# What console or pc game you are currently playing?



## Metalkitsune (Jul 11, 2011)

I been playing Skyrim on my Xbox 360.

Had to delete the original save files,because i went somewhere in the game that is only for high level characters and could make the game unwinnable,so i deleted and started a new game last night.


----------



## Huilunsoittaja (Apr 6, 2010)

Skyrim Special edition? 

Since I don't play games anymore, but still enjoy them, I watch "Let's Plays" on YouTube instead. I really enjoyed one recently of the new game Obduction from the makers of Myst. It was _really _good game and story:

(SPOILERS)


----------



## Pugg (Aug 8, 2014)

None...........:devil:


----------



## Antiquarian (Apr 29, 2014)

Metalkitsune said:


> I been playing Skyrim on my Xbox 360.
> 
> Had to delete the original save files,because i went somewhere in the game that is only for high level characters and could make the game unwinnable,so i deleted and started a new game last night.

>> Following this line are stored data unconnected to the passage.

(* Let $n\ge2$ and let $X_1,\dots,X_n$ be nonnegative (possibly dependent) random variables with order statistics $X_{1:n}\le\cdots\le X_{n:n}$, and suppose one of the following holds: (A) the distribution function of $X_{n:n}$ has infinite upper endpoint, $X_{n:n}\in\mathrm{GMDA}(h)$ for some positive $h$, and $$\lim_{x\to\infty}\frac{\mathbb{P}(|X_i|>t h(x),X_j>x)}{\mathbb{P}(X_{n:n}>x)}=0\ \text{for all }1\le i\ne j\le n,\ t>0,\qquad(\ast)$$ $$\lim_{x\to\infty}\frac{\mathbb{P}(X_i>Lh(x),X_j>Lh(x))}{\mathbb{P}(X_{n:n}>x)}=0\ \text{for all }1\le i<j\le n\text{ and some }L>0;\qquad(\ast\ast)$$ (B) $X_{n:n}\in\mathcal{L}$ and there exists $h\in\mathcal{H}_{X_{n:n}}$ such that $(\ast)$ and $(\ast\ast)$ hold; (C) $X_{n:n}\in\mathcal{L}\cap\mathcal{D}$ and there exists a dominatedly varying $h\in\mathcal{H}_{X_{n:n}}$ such that $(\ast)$ holds. Then for any $0<a\le b<\infty$ and $0\le d<\infty$, $$\mathbb{P}\Big(\sum_{i=0}^{n-1}c_iX_{n-i:n}>x\Big)\sim\mathbb{P}(c_0X_{n:n}>x)\sim\sum_{i=1}^n\mathbb{P}(c_0X_i>x),\qquad x\to\infty,$$ uniformly for $(c_0,c_1,\dots,c_{n-1})\in[a,b]\times[-d,d]^{n-1}$.
   Context: Random variables are assumed not degenerate at $0$ (not concentrated on $(-\infty,0]$). For a distribution function $F$, $\overline{F}=1-F$, $x_F=\sup\{x:F(x)<1\}$. $F\in\mathrm{GMDA}(h)$ means $\lim_{x\to x_F}\overline{F}(x+yh(x))/\overline{F}(x)=e^{-y}$ for all $y\in\mathbb{R}$. $F\in\mathcal{L}$ means $\overline{F}(x)>0$ for all $x\ge0$ and $\overline{F}(x+y)\sim\overline{F}(x)$ for all $y\in\mathbb{R}$. $F\in\mathcal{D}$ means $\overline{F}$ is dominatedly varying; a positive $g$ is dominatedly varying if $0<\liminf g(xy)/g(x)\le\limsup g(xy)/g(x)<\infty$ as $x\to\infty$ for every $y>0$. For $F\in\mathcal{L}$, $\mathcal{H}_F$ is the set of eventually positive $h$ with $h(x)=o(x)$, $\overline{F}(x+yh(x))\sim\overline{F}(x)$ for all $y\in\mathbb{R}$, and $\limsup_{x\to\infty}h(x+yh(x))/h(x)<\infty$ for all $y\in\mathbb{R}$. ''Uniformly'' means the suprema over the parameter set of the deviations of the ratios from $1$ tend to $0$. *)

From HB Require Import structures.
From mathcomp Require Import all_boot all_order all_algebra.
From mathcomp Require Import all_classical all_reals all_analysis.
Set Implicit Arguments. Unset Strict Implicit. Unset Printing Implicit Defensive.
Import Order.TTheory GRing.Theory Num.Theory.
Import numFieldNormedType.Exports.
Local Open Scope classical_set_scope.
Local Open Scope ring_scope.

Definition pr (d : measure_display) (T : measurableType d) (R : realType)
  (P : probability T R) (A : set T) : R := fine (P A).

Definition tailF (d : measure_display) (T : measurableType d) (R : realType)
  (P : probability T R) (f : T -> R) (x : R) : R := pr P [set w | x < f w].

I feel your pain. The problem with Bethesda games (Fallout, Elder Scrolls), besides the awful bugs, frame rate issues/freezes, and save game files that seem to take up memory exponentially, is that the plot lines often interfere with gameplay. An example: In Skyrim it's best to not go far into the main storyline ( where you fight your first dragon) because subsequently you have these random dragon encounters that tend to fry friend and foe alike. It's best to play through all the add ons as far as you can, and all the side quests, before this because you may find the character you need to finish a particular quest a pile of glowing ash on the ground. It's hard to have a meaningful conversation with a pile of unresponsive ash. No console commands on a 360, so no joy. That's why I play Borderlands -- fewer issues.


----------



## Metalkitsune (Jul 11, 2011)

Huilunsoittaja said:


> Skyrim Special edition?
> 
> Since I don't play games anymore, but still enjoy them, I watch "Let's Plays" on YouTube instead. I really enjoyed one recently of the new game Obduction from the makers of Myst. It was _really _good game and story:
> 
> (SPOILERS)


Skyrim: Legendary Edition. Been playing as a Khajiit.


----------



## Vox Gabrieli (Jan 9, 2017)

I normally abstain from gaming, but recently I've gotten into that new Hitman game. It's a nice way to blow off steam on the weekends.


----------



## Gordontrek (Jun 22, 2012)

I used to be a straight-up PC gaming addict but nowadays I do very little. Lately I've gotten into Garry's Mod which is really an incredible program. But the only other games I spend any time on are simulations, mainly Orbiter Space Flight Simulator and Out of the Park Baseball. Empire and Rome II Total War are fun every now and then too.
And here's a confession- I've never owned a console, ever.


----------



## quietfire (Mar 13, 2017)

Hearthstone and Starcraft II on the PC.


----------



## JSBach85 (Feb 18, 2017)

I love Total War series and I had been playing Empire Total War with some mods with unit stats modified by myself. I love military history and especially 18th century and 19th century. I usually don't spend much time playing videogames but I really enjoy strategical / tactical historical games. I own the following ones: Medieval II Total War, Empire Total War, Napoleon Total War, Shogun 2 Fall of The Samurai, Rome II Total War, Attila Total War, Scourge of War Gettysburg, Pike and Shot Campaigns and sometimes I also play World of Warships.


----------



## georgedelorean (Aug 18, 2017)

Kingdom Hearts 1.5/2.5, inFAMOUS, Mortal Kombat, Final Fantasy XV, Nier: Automata, Star Wars Battlefront, Valkyria Chronicles Remastered.


----------